It’s easy for the Labour Party to blame its image for its routine failure at the polls, rather than facing up to its real shortcomings and doing something about them. Let’s put it this way, it’s a whole lot simpler to change an emblem and a name than it is to work out some real policies. And it’s a whole lot simpler than governing, which starts with being fit to govern. A new emblem might bring to an end the Pavlovian response that many of us have to the present Labour flag, but it’s not going to stop me looking at Anglu Farrugia and shaking my head, or looking at Toni Abela and laughing. The day a party emblem can sit in the prime minister’s chair and take decisions on running the country is the day I will vote for a political party on the basis of what its emblem looks like.

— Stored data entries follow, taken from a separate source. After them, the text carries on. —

Lemma cards4 (T : finType) (a b c d : T) :
  a != b -> a != c -> a != d -> b != c -> b != d -> c != d -> #|[set a; b; c; d]| = 4.
Proof.
move=> ab ac ad bc bd cd.
have -> : [set a; b; c; d] = a |: (b |: (c |: [set d])) by apply/setP => z; rewrite !inE !orbA.
by rewrite !cardsU1 cards1 !inE (negbTE ab) (negbTE ac) (negbTE ad) (negbTE bc) (negbTE bd)
  (negbTE cd).
Qed.

Lemma subset4 (T : finType) (a b c d : T) (S : {set T}) :
  a \in S -> b \in S -> c \in S -> d \in S -> [set a; b; c; d] \subset S.
Proof. by move=> aS bS cS dS; apply/subsetP => z; rewrite !inE => /orP[/orP[/orP[]|]|] /eqP ->. Qed.

Lemma set_enum_ord (T : finType) (A : {set T}) k : #|A| = k ->
  exists q : 'I_k -> T, injective q /\ A = [set q i | i : 'I_k].
Proof.
move=> <-; exists (@enum_val T (mem A)); split; first exact: enum_val_inj.
apply/setP => p; apply/idP/imsetP => [pA|[i _ ->]]; last exact: enum_valP.
by exists (enum_rank_in pA p) => //; rewrite enum_rankK_in.
Qed.

(* A normalised pair of orthogonal Latin squares of order 3 is unique. *)
Lemma normal_orthogonal_latin3 (f g : 'I_3 -> 'I_3 -> 'I_3) :
  (forall j, f t0 j = j) -> (forall j, g t0 j = j) -> (forall i, f i t0 = i) ->
  (forall i, injective (f i)) -> (forall j, injective (f^~ j)) ->
  (forall i, injective (g i)) -> (forall j, injective (g^~ j)) ->
  (forall i j i' j', f i j = f i' j' -> g i j = g i' j' -> i = i' /\ j = j') ->
  (f t1 t1 = t2 /\ f t1 t2 = t0 /\ f t2 t1 = t0 /\ f t2 t2 = t1) /\
  (g t1 t0 = t2 /\ g t1 t1 = t0 /\ g t1 t2 = t1 /\ g t2 t0 = t1 /\ g t2 t1 = t2 /\ g t2 t2 = t0).
Proof.
move=> f0j g0j fi0 fjI fiI gjI giI orth.
have nf i j j' : j != j' -> f i j != f i j' by move=> ne; apply: contra ne => /eqP /fjI ->.
have nfi i i' j : i != i' -> f i j != f i' j by move=> ne; apply: contra ne => /eqP /(fiI j) ->.
have ng i j j' : j != j' -> g i j != g i j' by move=> ne; apply: contra ne => /eqP /gjI ->.
have ngi i i' j : i != i' -> g i j != g i' j by move=> ne; apply: contra ne => /eqP /(giI j) ->.
have f12 : f t1 t2 = t0.
  by apply: ord3_eq0;
    [move: (nf t1 t2 t0 isT); rewrite fi0 | move: (nfi t1 t0 t2 isT); rewrite f0j].
have f11 : f t1 t1 = t2.
  by apply: ord3_eq2;
    [move: (nf t1 t1 t2 isT); rewrite f12 | move: (nf t1 t1 t0 isT); rewrite fi0].
have f21 : f t2 t1 = t0.
  by apply: ord3_eq0;
    [move: (nfi t2 t0 t1 isT); rewrite f0j | move: (nf t2 t1 t0 isT); rewrite fi0].
have f22 : f t2 t2 = t1.
  by apply: ord3_eq1;
    [move: (nf t2 t2 t1 isT); rewrite f21 | move: (nf t2 t2 t0 isT); rewrite fi0].
(* g 1 0 = 1 would force g 1 1 = 2 = g 0 2 while f 1 1 = 2 = f 0 2. *)
have g10 : g t1 t0 = t2.
  apply: ord3_eq2; first by move: (ngi t1 t0 t0 isT); rewrite g0j.
  apply/eqP => g10.
  have g12 : g t1 t2 = t0.
    by apply: ord3_eq0;
      [move: (ng t1 t2 t0 isT); rewrite g10 | move: (ngi t1 t0 t2 isT); rewrite g0j].
  have g11 : g t1 t1 = t2.
    by apply: ord3_eq2;
      [move: (ng t1 t1 t2 isT); rewrite g12 | move: (ngi t1 t0 t1 isT); rewrite g0j].
  have ef : f t1 t1 = f t0 t2 by rewrite f11 f0j.
  have eg : g t1 t1 = g t0 t2 by rewrite g11 g0j.
  by case: (orth _ _ _ _ ef eg).
have g11 : g t1 t1 = t0.
  by apply: ord3_eq0;
    [move: (ngi t1 t0 t1 isT); rewrite g0j | move: (ng t1 t1 t0 isT); rewrite g10].
have g12 : g t1 t2 = t1.
  by apply: ord3_eq1;
    [move: (ng t1 t2 t1 isT); rewrite g11 | move: (ng t1 t2 t0 isT); rewrite g10].
have g20 : g t2 t0 = t1.
  by apply: ord3_eq1;
    [move: (ngi t2 t0 t0 isT); rewrite g0j | move: (ngi t2 t1 t0 isT); rewrite g10].
have g21 : g t2 t1 = t2.
  by apply: ord3_eq2;
    [move: (ngi t2 t1 t1 isT); rewrite g11 | move: (ng t2 t1 t0 isT); rewrite g20].
have g22 : g t2 t2 = t0.
  by apply: ord3_eq0;
    [move: (ng t2 t2 t0 isT); rewrite g20 | move: (ng t2 t2 t1 isT); rewrite g21].
by [].
Qed.

Definition diff_line (c : nat) : {set 'I_13} :=
  [set z13 c; z13 (c + 1); z13 (c + 3); z13 (c + 9)].

(* Coordinates on Z_13 of x (None) and of the points P g k of a normalised
   pencil, chosen so that the lines {c, c+1, c+3, c+9} of L3 become the pencil
   and grid lines listed in line_table below. *)
Definition coord13 (m : nat) : option ('I_4 * 'I_3) :=
  match m with
  | 0 => None | 1 => Some (q0, t0) | 2 => Some (q3, t0) | 3 => Some (q0, t1)
  | 4 => Some (q1, t0) | 5 => Some (q1, t1) | 6 => Some (q2, t1) | 7 => Some (q1, t2)
  | 8 => Some (q3, t1) | 9 => Some (q0, t2) | 10 => Some (q2, t0) | 11 => Some (q2, t2)
  | _ => Some (q3, t2)
  end.

Definition uncoord13 (o : option ('I_4 * 'I_3)) : nat :=
  if o is Some (g, k) then nth 0 [:: 1; 3; 9; 4; 5; 7; 10; 6; 11; 2; 8; 12] (3 * g + k) else 0.

Lemma coord13K m : m < 13 -> uncoord13 (coord13 m) = m.
Proof. by do 13 case: m => [|m] //. Qed.

Lemma coord13_inj : injective (fun v : 'I_13 => coord13 v).
Proof. by move=> v w e; apply: val_inj; rewrite /= -(coord13K (ltn_ord v)) e coord13K. Qed.

Section LinearSpace.
Variables (n : nat) (FF : {set {set 'I_n}}).
Hypothesis card_line : forall F, F \in FF -> #|F| = 4.
Hypothesis gammaFF : gamma3_ge FF 3.
Hypothesis meet1 : forall F F', F \in FF -> F' \in FF -> F != F' -> #|F :&: F'| = 1.

Lemma line_unique F G p q : F \in FF -> G \in FF -> p != q ->
  p \in F -> q \in F -> p \in G -> q \in G -> F = G.
Proof.
move=> FF' GF pq pF qF pG qG; apply/eqP; apply: contraT => FG.
have /eqP := meet1 FF' GF FG; rewrite eqn_leq => /andP[/card_le1P le1 _].
have pI : p \in F :&: G by rewrite inE pF pG.
have qI : q \in F :&: G by rewrite inE qF qG.
by move: (le1 p pI q); rewrite qI !inE eq_sym (negbTE pq).
Qed.

Lemma lines_meet F G : F \in FF -> G \in FF -> exists p, p \in F /\ p \in G.
Proof.
move=> FF' GF; case: (eqVneq F G) => [<-|FG].
  have : 0 < #|F| by rewrite card_line.
  by case/card_gt0P => p pF; exists p.
have : 0 < #|F :&: G| by rewrite meet1.
by case/card_gt0P => p; rewrite inE => /andP[]; exists p.
Qed.

(* The lines avoiding the 3-set L :\ p are the lines through p other than L. *)
Lemma other_lines_through L p : L \in FF -> p \in L ->
  3 <= #|[set F in FF | (p \in F) && (F != L)]|.
Proof.
move=> LF pL.
have cLp : #|L :\ p| = 3 by have := cardsD1 p L; rewrite card_line // pL add1n => -[<-].
apply: leq_trans (gammaFF cLp) _; apply: subset_leq_card; apply/subsetP => F.
rewrite !inE => /andP[FF' dis]; rewrite FF' /=.
have [r [rF rL]] := lines_meet FF' LF.
have rp : r = p.
  apply/eqP; apply: contraT => rp.
  by have := disjointFr dis rF; rewrite !inE rp rL.
subst r; rewrite rF /=; apply: contraT; rewrite negbK => /eqP FL; subst F.
have : 0 < #|L :\ p| by rewrite cLp.
case/card_gt0P => s sLp.
by have := disjointFl dis sLp; rewrite (subsetP (subsetDl L [set p]) s sLp).
Qed.

Definition covered p := exists2 F, F \in FF & p \in F.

The changes are not going to be amazing, in any case. The party will be called the Labour Party, rather than the Malta Labour Party, and in Maltese it will be Il-Partit Laburista. Well, that’s what we’ve been calling it for years, anyway. I have yet to meet anyone who says, with a straight face, “the Malta Labour Party” or “il-Partit tal-Haddiema”. As for that emblem, it appears that the “iconic” torch is being kept on, to remind us that Labour is a trail-blazer – or rather, to remind us that it is not. As for the leader-election system, we might be forgiven a cynical laugh. It is going to bring in the very system suggested by Marlene Pullicino and rejected by the delegates, and which would have almost certainly resulted in the election of George Abela. Having used to old system to get himself elected, Muscat is now going to dispense with it.
In many ways, all this change is about back to the future. Joseph Muscat has got a buzzing bee in his bonnet about being “progressive”. Progressive politics is a dim hangover from the 1960s and 1970s. The things to wear when talking about progressive politics are hip-hugging flares and a Jim Croce moustache, while listening to the cool sounds of Traffic and channelling some really happening vibes.
Muscat’s mentor Mario Vella thought of himself as progressive way back in the days of the OPEC oil crisis. I imagine that he still hasn’t got over himself, and that his protégé Muscat is too uninformed to know about all that. Only somebody who thinks that Armistice Day is xi haga tal-Inglizi, and consequently of no particular importance if you are a Maltese political leader, wouldn’t understand that the term “progressive politics” smacks, and resoundingly so, of the days when Mick Jagger and Marianne Faithful were in trouble with the police for lewd acts involving a Mars bar. And so the legend Progressivi is now emblazoned above the party name on the podium from which Joseph Muscat has been addressing the nation of late.
There’s more back-to-the-future with his choice of terminology, which references to the days of Dom Mintoff at every twist and turn. Well, he did tell us what great respect he has for Joe Debono Grech, so much so that he dispatched him to the Cenotaph on Remembrance Sunday is his stead, probably on the understanding that a party veteran is the right choice to stand among war veterans, rather than a thrillingly young person like himself.
“This is the time to discuss change and face challenges, and I need soldiers of steel behind me,” Muscat told his people a few days ago, referencing the suldati tal-azzar of those days we’d prefer to forget. “Let us give people the proof that this is a new Labour Party.” What – with soldiers of steel and a new logo? That’s going to convince only the most chicken-brained or those who are wholly overcome by desperation for an alternative to the Nationalist Party. It would be a bit like telling the fire “Oh, you look nice. And this frying-pan has really had its day.”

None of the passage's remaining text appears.